The OB-X was the first Oberheim synthesizer based on a single printed circuit board called a "voice card" (still using mostly discrete components) rather than the earlier SEM (Synthesizer Expander Module) used in Oberheim semi-modular systems, which had required multiple modules to achieve polyphony. The OB-X's memory held 32 user-programmable presets. The synthesizer's built-in Z-80 microprocessor also automated the tuning process. This made the OB-X less laborious to program, more functional for live performance, and more portable than its ancestors.
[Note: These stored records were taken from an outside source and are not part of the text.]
(* Let $X$ be a metrizable space, $A$ a Hausdorff topological Abelian group, and $f:X\times I\to A$ a semi-layered function (case $p=1$). Then $F(x):=f(x,\cdot)$ defines a continuous map $F:X\to EA$, i.e. $F\in\mathcal{C}_{\mathrm{cts}}(X,EA)$.
   Context: Let $I=(0,1]$. $EA$ is the group of left-continuous step functions $I\to A$ with finitely many discontinuities, topologized as the direct limit of the subsets $E^{(n)}A$ (functions with at most $n$ discontinuities), where $E^{(n)}A$ is topologized as a quotient of $\Delta_n\times A^{n+1}$ ($\Delta_n$ the $n$-simplex, recording the jump positions and the values). A continuous dissection over $X$ is a family $\mathcal{F}$ of continuous functions $X\to[0,1]$ containing the constants $0,1$ which is locally finite (each point has a neighbourhood $U$ with $\{\xi|_U:\xi\in\mathcal{F}\}$ finite); l-complete means closed under pointwise max, min, and pointwise limits of convergent directed families. An $\mathcal{F}$-wedge is $\{(x,t):\xi_1(x)<t\le\xi_2(x)\}$ with $\xi_i\in\mathcal{F}$; minimal means nonempty and inclusion-minimal. With $\beta:X\times I\to X$ the projection, $f:X\times I\to A$ is semi-layered if for some l-complete continuous dissection $\mathcal{F}$, for every minimal $\mathcal{F}$-wedge $C$ there is a continuous $f_C:\overline{\beta(C)}\to A$ with $f|_C=f_C\circ\beta|_C$. *)

From Stdlib Require Import Reals List.
Open Scope R_scope.

Definition is_topology {X : Type} (O : (X -> Prop) -> Prop) : Prop :=
  O (fun _ => True) /\
  (forall U V, O U -> O V -> O (fun x => U x /\ V x)) /\
  (forall Fam : (X -> Prop) -> Prop,
      (forall U, Fam U -> O U) -> O (fun x => exists U, Fam U /\ U x)) /\
  (forall U V, O U -> (forall x, U x <-> V x) -> O V).

Definition R_open (U : R -> Prop) : Prop :=
  forall x, U x -> exists eps, eps > 0 /\ forall y, Rabs (y - x) < eps -> U y.

Definition continuous {X Y : Type} (OX : (X -> Prop) -> Prop)
  (OY : (Y -> Prop) -> Prop) (g : X -> Y) : Prop :=
  forall V, OY V -> OX (fun x => V (g x)).

Definition continuous_on {X Y : Type} (OX : (X -> Prop) -> Prop)
  (OY : (Y -> Prop) -> Prop) (S : X -> Prop) (g : X -> Y) : Prop :=
  forall V, OY V -> exists U, OX U /\ forall x, S x -> (U x <-> V (g x)).

Definition closure {X : Type} (OX : (X -> Prop) -> Prop) (S : X -> Prop) (x : X)
  : Prop :=
  forall U, OX U -> U x -> exists y, U y /\ S y.

Definition metrizable {X : Type} (OX : (X -> Prop) -> Prop) : Prop :=
  exists d : X -> X -> R,
    (forall x y, 0 <= d x y) /\
    (forall x y, d x y = 0 <-> x = y) /\
    (forall x y, d x y = d y x) /\
    (forall x y z, d x z <= d x y + d y z) /\
    (forall U, OX U <->
       forall x, U x -> exists eps, eps > 0 /\ forall y, d x y < eps -> U y).

Definition hausdorff {A : Type} (OA : (A -> Prop) -> Prop) : Prop :=
  forall a b, a <> b -> exists U V, OA U /\ OA V /\ U a /\ V b /\
     forall c, U c -> V c -> False.

(* Hausdorff topological Abelian group (A, plus, opp, zero, OA).  Continuity
   of plus : A x A -> A w.r.t. the product topology is written out. *)
Definition hausdorff_top_abelian_group {A : Type} (plus : A -> A -> A)
  (opp : A -> A) (zero : A) (OA : (A -> Prop) -> Prop) : Prop :=
  is_topology OA /\ hausdorff OA /\
  (forall a b c, plus a (plus b c) = plus (plus a b) c) /\
  (forall a b, plus a b = plus b a) /\
  (forall a, plus a zero = a) /\
  (forall a, plus a (opp a) = zero) /\
  (forall W a b, OA W -> W (plus a b) ->
     exists U V, OA U /\ OA V /\ U a /\ V b /\
       forall a' b', U a' -> V b' -> W (plus a' b')) /\
  continuous OA OA opp.

(* Elements of EA are represented as functions R -> A which vanish (= zero)
   outside I = (0,1].  *)
Definition restrictI {A : Type} (zero : A) (g : R -> A) : R -> A :=
  fun t => if Rlt_dec 0 t then (if Rle_dec t 1 then g t else zero) else zero.

(* Delta_n modelled as {(s_1,...,s_n) : 0 <= s_1 <= ... <= s_n <= 1}
   (coordinates s i, 1 <= i <= n, of s : nat -> R; other coordinates unused). *)
Definition in_simplex (n : nat) (s : nat -> R) : Prop :=
  (forall i, (1 <= i <= n)%nat -> 0 <= s i <= 1) /\
  (forall i, (1 <= i < n)%nat -> s i <= s (S i)).

Fixpoint nb_below (m : nat) (s : nat -> R) (t : R) : nat :=
  match m with
  | O => O
  | S k => (nb_below k s t + (if Rlt_dec (s (S k)) t then 1 else 0))%nat
  end.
The "X" in OB-X originally stood for the number of voice-cards (notes of polyphony) installed. It came in four, six, and eight-voice models with polyphonic portamento, and sample and hold. Even the 4-voice model was expensive at US$4,595. The entire range used "paddle" levers for pitch and modulation, Oberheim's answer to the "wheel" controls of the Prophet-5. Though these controls were never as popular as the standard pitch and modulation wheels, the philosophy was to mimic the motion of a guitar player bending the strings on their guitar. On most other synthesizers the pitch bend wheel was on the left, and the modulation wheel to the right of it; on the OB-X Oberheim placed them in the opposite relative positions. In addition to this unique configuration the polarity of the paddles was distinctive; the player would pull back on the pitch lever to bend the pitch sharp, and push forward to bend flat.

== Notable OB-X users ==
- Eurythmics (on "Sweet Dreams (Are Made of This)")
- John Foxx
- Japan
- Jean-Michel Jarre
- Nena
- OMD
- Queen (on The Game and Flash Gordon)
- Tangerine Dream
- Ultravox
- Youth

== Hardware re-issues and recreations ==
In May 2022, the Oberheim OB-X8, a new 8-voice analog synthesizer with the voice architecture and filters of four classic Oberheim models: the OB-X, OB-SX, OB-Xa, and OB-8, along with functionality and features not included on the original models, was announced. The new synthesizer is manufactured by Sequential in partnership with Tom Oberheim.